Records from a data collection:
(* Let $K$ be a field, $Q=(V,E,X,s,t,l)$ a labelled quiver and $\mathcal{R}=(\mathcal{V},\varphi)$ a representation of $Q$ over $K$ that is consistent with the labelling $l$. Let $u,v,w\in V$. Then for all $f\in K\langle X\rangle_{v,w}$ and $g\in K\langle X\rangle_{u,v}$ we have $fg\in K\langle X\rangle_{u,w}$ and $\varphi_{u,w}(fg)=\varphi_{v,w}(f)\cdot\varphi_{u,v}(g)$.
   Context: $K\langle X\rangle$ is the free algebra of noncommutative polynomials over $K$ in indeterminates $X$, with monomials the words in $\langle X\rangle$ (including the empty word $1$); $\operatorname{supp}(f)$ is the set of monomials with nonzero coefficient. A labelled quiver $Q=(V,E,X,s,t,l)$ has vertices $V$, edges $E$, source/target maps $s,t:E\to V$ and labelling $l:E\to X$. A nonempty path $p=e_n\cdots e_1$ (with $s(e_{i+1})=t(e_i)$) has label $l(e_n)\cdots l(e_1)$, source $s(e_1)$, target $t(e_n)$; each vertex $v$ has an empty path with label $1$ and source and target $v$. For a monomial $m$, $\sigma(m)=\{(s(p),t(p)) : p \text{ a path with } l(p)=m\}$; for a polynomial $f$, $\sigma(f)=\bigcap_{m\in\operatorname{supp}(f)}\sigma(m)$. $K\langle X\rangle_{v,w}=\{f : (v,w)\in\sigma(f)\}$. A representation $(\mathcal{V},\varphi)$ of $Q$ over $K$ assigns to each vertex $v$ a $K$-vector space $\mathcal{V}_v$ and to each edge $e$ a $K$-linear map $\varphi(e):\mathcal{V}_{s(e)}\to\mathcal{V}_{t(e)}$; it is consistent with $l$ if for any two nonempty paths $e_n\cdots e_1$ and $d_n\cdots d_1$ with the same source and target and equal labels, $\varphi(e_n)\cdots\varphi(e_1)=\varphi(d_n)\cdots\varphi(d_1)$. For $v,w\in V$, $\varphi_{v,w}:K\langle X\rangle_{v,w}\to L(\mathcal{V}_v,\mathcal{V}_w)$ is the (well-defined) $K$-linear map with $\varphi_{v,w}(l(e_n\cdots e_1))=\varphi(e_n)\cdots\varphi(e_1)$ for nonempty paths $e_n\cdots e_1$ from $v$ to $w$, and $\varphi_{v,v}(1)=\mathrm{id}_{\mathcal{V}_v}$. *)

From HB Require Import structures.
From mathcomp Require Import all_boot all_order all_algebra.
From mathcomp Require Import finmap.
From Stdlib Require Import ClassicalEpsilon.
Set Implicit Arguments. Unset Strict Implicit. Unset Printing Implicit Defensive.
Import GRing.Theory.
Local Open Scope ring_scope.
Local Open Scope fset_scope.

(* Monomials = words over X, represented as seq X (written left to right);
   the empty word [::] is the monomial 1.  A noncommutative polynomial is a
   finitely supported function from words to K. *)
Definition ncpoly (K : fieldType) (X : choiceType) := {fsfun seq X -> K with 0}.

Definition ncsupp (K : fieldType) (X : choiceType) (f : ncpoly K X) : {fset seq X} :=
  finsupp f.

(* coefficient of the word m in f*g : sum over factorisations m = a ++ b *)
Definition ncmul_coef (K : fieldType) (X : choiceType) (f g : ncpoly K X)
  (m : seq X) : K :=
  \sum_(i < (size m).+1) f (take i m) * g (drop i m).

(* product in K<X> (concatenation of words, extended bilinearly) *)
Definition ncmul (K : fieldType) (X : choiceType) (f g : ncpoly K X) : ncpoly K X :=
  [fsfun m in [fset a ++ b | a in finsupp f, b in finsupp g] => ncmul_coef f g m | 0].

Record lquiver (X : Type) := LQuiver {
  qV : eqType;
  qE : Type;
  qs : qE -> qV;
  qt : qE -> qV;
  ql : qE -> X
}.

(* A path e_n ... e_1 is represented by the list [:: e_n; ...; e_1]
   (written order).  [qwalk v w p] says that p is a path with source v and
   target w: for the empty list this means v = w (the empty path at v);
   for e :: p' it means t(e) = w and p' is a path from v to s(e). *)
Fixpoint qwalk X (Q : lquiver X) (v w : qV Q) (p : seq (qE Q)) : Prop :=
  match p with
  | [::] => v = w
  | e :: p' => qt e = w /\ qwalk v (qs e) p'
  end.

Definition qlabel X (Q : lquiver X) (p : seq (qE Q)) : seq X := map (@ql X Q) p.

Definition in_sigma_mono X (Q : lquiver X) (m : seq X) (v w : qV Q) : Prop :=
  exists p, qwalk v w p /\ qlabel p = m.

(* f \in K<X>_{v,w}, i.e. (v,w) \in sigma(f) = \bigcap_{m in supp f} sigma(m) *)
Definition in_KXvw (K : fieldType) (X : choiceType) (Q : lquiver X)
  (v w : qV Q) (f : ncpoly K X) : Prop :=
  forall m, m \in ncsupp f -> in_sigma_mono m v w.

Section Rep.
Variables (K : fieldType) (X : choiceType) (Q : lquiver X).
Variable VS : qV Q -> lmodType K.
Variable phi : forall e : qE Q, {linear VS (qs e) -> VS (qt e)}.

Definition vtransport (a b : qV Q) (H : a = b) : VS a -> VS b :=
  match H in _ = b' return VS a -> VS b' with erefl => id end.

(* the map phi(e_n) ... phi(e_1) : V_v -> V_w of a path from v to w
   (identity for the empty path at v; the zero map if p is not a path
   from v to w) *)
Unset Implicit Arguments.
Fixpoint path_map (p : seq (qE Q)) (v w : qV Q) : VS v -> VS w :=
  match p with
  | [::] => fun x => match @eqP _ v w with
                     | ReflectT H => vtransport H x
                     | ReflectF _ => 0
                     end
  | e :: p' => fun x => match @eqP _ (qt e) w with
                     | ReflectT H => vtransport H (phi e (path_map p' v (qs e) x))
                     | ReflectF _ => 0
                     end
  end.
Set Implicit Arguments.

Definition consistent : Prop :=
  forall (v w : qV Q) (p q : seq (qE Q)),
    p <> [::] -> q <> [::] ->
    qwalk v w p -> qwalk v w q -> qlabel p = qlabel q ->
    path_map p v w = path_map q v w.

(* the map associated to a monomial m in sigma^{-1}(v,w): the composite along
   some path from v to w labelled m (well defined by consistency) *)
Definition mono_map (v w : qV Q) (m : seq X) : VS v -> VS w :=
  path_map (epsilon (inhabits [::]) (fun p => qwalk v w p /\ qlabel p = m)) v w.

Definition phi_vw (v w : qV Q) (f : ncpoly K X) : VS v -> VS w :=
  fun x => \sum_(m <- ncsupp f) f m *: @mono_map v w m x.

End Rep.

Arguments in_KXvw {K X Q} v w f.
Arguments phi_vw {K X Q VS} phi v w f _.
Arguments mono_map {K X Q VS} phi v w m _.
Arguments consistent {K X Q VS} phi.

(* The coefficient of a word m in fg collects the products f(a) g(b) over the
   splittings m = ab, so phi_{u,w}(fg) is the sum of f(a) g(b) phi_{u,w}(ab).
   If a labels a path from v to w and b one from u to v, the concatenated path
   is labelled ab, and by consistency phi_{u,w}(ab) may be computed along it;
   it is then the composite phi_{v,w}(a) phi_{u,v}(b), and bilinearity gives
   the product formula. *)
From Pilot Require Import Defs.
From HB Require Import structures.
From mathcomp Require Import all_boot all_order all_algebra.
From mathcomp Require Import finmap.
From Stdlib Require Import ClassicalEpsilon FunctionalExtensionality.
Set Implicit Arguments. Unset Strict Implicit. Unset Printing Implicit Defensive.
Import GRing.Theory.
Local Open Scope ring_scope.

Section Splittings.
Variable T : eqType.

Definition splits (m : seq T) : seq (seq T * seq T) :=
  [seq (take i m, drop i m) | i <- iota 0 (size m).+1].

Lemma mem_splits (m a b : seq T) : ((a, b) \in splits m) = (a ++ b == m).
Proof.
apply/mapP/eqP => [[i _ [-> ->]] | <-]; first exact: cat_take_drop.
exists (size a); first by rewrite mem_iota size_cat ltnS leq_addr.
by rewrite take_size_cat // drop_size_cat.
Qed.

Lemma uniq_splits (m : seq T) : uniq (splits m).
Proof.
rewrite map_inj_in_uniq ?iota_uniq // => i j.
rewrite !mem_iota !ltnS => /andP[_ le_i] /andP[_ le_j] [eq_take _].
by move: (congr1 size eq_take); rewrite !size_take_min !(minn_idPl _).
Qed.

Lemma sum_splits (V : nmodType) (S : seq (seq T)) (R : seq (seq T * seq T))
    (h : seq T * seq T -> V) :
  uniq S -> uniq R -> (forall p, p \in R -> p.1 ++ p.2 \in S) ->
  (forall p, p \notin R -> h p = 0) ->
  \sum_(m <- S) \sum_(p <- splits m) h p = \sum_(p <- R) h p.
Proof.
move=> uS uR RS h0.
have splitsR m : \sum_(p <- splits m) h p = \sum_(p <- R | m == p.1 ++ p.2) h p.
  rewrite (bigID (mem R)) /= [X in _ + X]big1 ?addr0; last by move=> p /h0.
  rewrite -[LHS]big_filter -[RHS]big_filter; apply/perm_big/uniq_perm.
  - exact/filter_uniq/uniq_splits.
  - exact: filter_uniq.
  by case=> a b; rewrite !mem_filter mem_splits eq_sym andbC.
under eq_bigr do rewrite splitsR big_mkcond.
rewrite exchange_big; apply: eq_big_seq => p pR.
by rewrite -big_mkcond -big_filter filter_pred1_uniq ?RS // big_seq1.
Qed.

End Splittings.

Section FreeAlgebra.
Variables (K : fieldType) (X : choiceType).
Implicit Types f g : ncpoly K X.

Lemma ncmul_coefE f g (m : seq X) :
  ncmul_coef f g m = \sum_(p <- splits m) f p.1 * g p.2.
Proof. by rewrite big_map -val_enum_ord big_map enumT. Qed.

Lemma finsupp_ncmul f g :
  (finsupp (ncmul f g) `<=` [fset a ++ b | a in finsupp f, b in finsupp g])%fset.
Proof. exact: finsupp_sub. Qed.

Lemma sum_ncmul (V : lmodType K) f g (F : seq X -> V) :
  \sum_(m <- finsupp (ncmul f g)) ncmul f g m *: F m =
  \sum_(a <- finsupp f) \sum_(b <- finsupp g) (f a * g b) *: F (a ++ b).
Proof.
set S := [fset a ++ b | a in finsupp f, b in finsupp g]%fset.
rewrite (big_fset_incl _ (finsupp_ncmul f g)); last first.
  by move=> m _; rewrite memNfinsupp => /eqP ->; rewrite scale0r.
transitivity (\sum_(m <- S) \sum_(p <- splits m) (f p.1 * g p.2) *: F (p.1 ++ p.2)).
  apply: eq_big_seq => m mS; rewrite fsfunE mS ncmul_coefE scaler_suml.
  by apply: eq_big_seq => -[a b]; rewrite mem_splits => /eqP ->.
rewrite -(big_allpairs (F := fun p => (f p.1 * g p.2) *: F (p.1 ++ p.2))).
apply: sum_splits; first exact: fset_uniq.
- by apply: allpairs_uniq; rewrite ?fset_uniq // => -[? ?] [? ?] _ _ [-> ->].
- by move=> p /allpairsP[[a b] [fa gb ->]]; rewrite in_imfset2.
case=> a b /allpairsP abNfg.
have [->|fa] := eqVneq (f a) 0; first by rewrite mul0r scale0r.
have [->|gb] := eqVneq (g b) 0; first by rewrite mulr0 scale0r.
by case: abNfg; exists (a, b); rewrite ?mem_finsupp.
Qed.

End FreeAlgebra.

Section Walks.
Variables (X : choiceType) (Q : lquiver X).
Implicit Types (u v w : qV Q) (p q : seq (qE Q)).

Lemma qwalk_cat u v w p q : qwalk v w p -> qwalk u v q -> qwalk u w (p ++ q).
Proof.
elim: p w => [|e p IHp] w /=; first by move=> ->.
by move=> [tw Wp] Wq; split; last exact: IHp Wq.
Qed.

Lemma in_sigma_mono_cat u v w (a b : seq X) :
  in_sigma_mono a v w -> in_sigma_mono b u v -> in_sigma_mono (a ++ b) u w.
Proof.
move=> [p [Wp <-]] [q [Wq <-]].
by exists (p ++ q); split; [exact: qwalk_cat Wp Wq | exact: map_cat].
Qed.

Lemma in_KXvw_mul (K : fieldType) u v w (f g : ncpoly K X) :
  in_KXvw v w f -> in_KXvw u v g -> in_KXvw u w (ncmul f g).
Proof.
move=> Hf Hg m /(fsubsetP (finsupp_ncmul f g)) /imfset2P[a fa [b gb ->]].
exact: in_sigma_mono_cat (Hf a fa) (Hg b gb).
Qed.

End Walks.

Section Representation.
Variables (K : fieldType) (X : choiceType) (Q : lquiver X).
Variable VS : qV Q -> lmodType K.
Variable phi : forall e : qE Q, {linear VS (qs e) -> VS (qt e)}.
Implicit Types (u v w : qV Q) (p q : seq (qE Q)).
Local Notation path_map := (@Defs.path_map K X Q VS phi).

Lemma path_map_cat u v w p q (x : VS u) : qwalk v w p ->
  path_map (p ++ q) u w x = path_map p v w (path_map q u v x).
Proof.
elim: p w => [|e p IHp] w /= => [<- | [_ /IHp -> //]].
by case: eqP => // vv; rewrite (eq_irrelevance vv erefl).
Qed.

Lemma path_map_is_linear p v w : linear (path_map p v w).
Proof.
move=> a x y; elim: p w => [|e p IHp] w /=.
  by case: eqP => [vw | _]; [case: w / vw | rewrite scaler0 addr0].
by case: eqP => [tw | _]; [case: w / tw; rewrite /= IHp linearP | rewrite scaler0 addr0].
Qed.

HB.instance Definition _ v w (m : seq X) :=
  GRing.isLinear.Build K (VS v) (VS w) *:%R (mono_map phi v w m)
    (@path_map_is_linear _ v w).

Hypothesis Hcons : consistent phi.

(* [consistent] only speaks of nonempty paths; equal labels force an empty
   path to be compared with an empty one. *)
Lemma consistent_path_map v w p q :
  qwalk v w p -> qwalk v w q -> qlabel p = qlabel q -> path_map p v w = path_map q v w.
Proof. by case: p q => [|e p] [|d q] //; apply: Hcons. Qed.

Lemma mono_mapE v w p : qwalk v w p -> mono_map phi v w (qlabel p) = path_map p v w.
Proof.
move=> Wp; rewrite /mono_map.
have [] := epsilon_spec (inhabits [::])
  (fun q => qwalk v w q /\ qlabel q = qlabel p) (ex_intro _ p (conj Wp erefl)).
by move=> We Le; apply: consistent_path_map We Wp Le.
Qed.

Lemma mono_map_cat u v w (a b : seq X) (x : VS u) :
  in_sigma_mono a v w -> in_sigma_mono b u v ->
  mono_map phi u w (a ++ b) x = mono_map phi v w a (mono_map phi u v b x).
Proof.
move=> [p [Wp <-]] [q [Wq <-]].
have Wpq := qwalk_cat Wp Wq.
by rewrite -map_cat !mono_mapE //; apply: path_map_cat.
Qed.

End Representation.

Theorem lemma5p6 (K : fieldType) (X : choiceType) (Q : lquiver X)
  (VS : qV Q -> lmodType K)
  (phi : forall e : qE Q, {linear VS (qs e) -> VS (qt e)})
  (Hcons : consistent phi)
  (u v w : qV Q) (f g : ncpoly K X) :
  in_KXvw v w f -> in_KXvw u v g ->
  in_KXvw u w (ncmul f g) /\
  phi_vw phi u w (ncmul f g) = (phi_vw phi v w f \o phi_vw phi u v g)%FUN.
Proof.
move=> Hf Hg; split; first exact: in_KXvw_mul Hf Hg.
apply: functional_extensionality => x; rewrite /phi_vw /ncsupp sum_ncmul /=.
apply: eq_big_seq => a fa; rewrite linear_sum scaler_sumr.
apply: eq_big_seq => b gb.
by rewrite linearZ scalerA (mono_map_cat Hcons _ (Hf a fa) (Hg b gb)).
Qed.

PROBLEM STATEMENT - Please copy the lines above from the line with "case=> a b /allpairsP abNfg." up to and including the line with "Lemma in_sigma_mono_cat u", exactly as written and with nothing else.

RESULT OF THIS TASK -
case=> a b /allpairsP abNfg.
have [->|fa] := eqVneq (f a) 0; first by rewrite mul0r scale0r.
have [->|gb] := eqVneq (g b) 0; first by rewrite mulr0 scale0r.
by case: abNfg; exists (a, b); rewrite ?mem_finsupp.
Qed.

End FreeAlgebra.

Section Walks.
Variables (X : choiceType) (Q : lquiver X).
Implicit Types (u v w : qV Q) (p q : seq (qE Q)).

Lemma qwalk_cat u v w p q : qwalk v w p -> qwalk u v q -> qwalk u w (p ++ q).
Proof.
elim: p w => [|e p IHp] w /=; first by move=> ->.
by move=> [tw Wp] Wq; split; last exact: IHp Wq.
Qed.

Lemma in_sigma_mono_cat u v w (a b : seq X) :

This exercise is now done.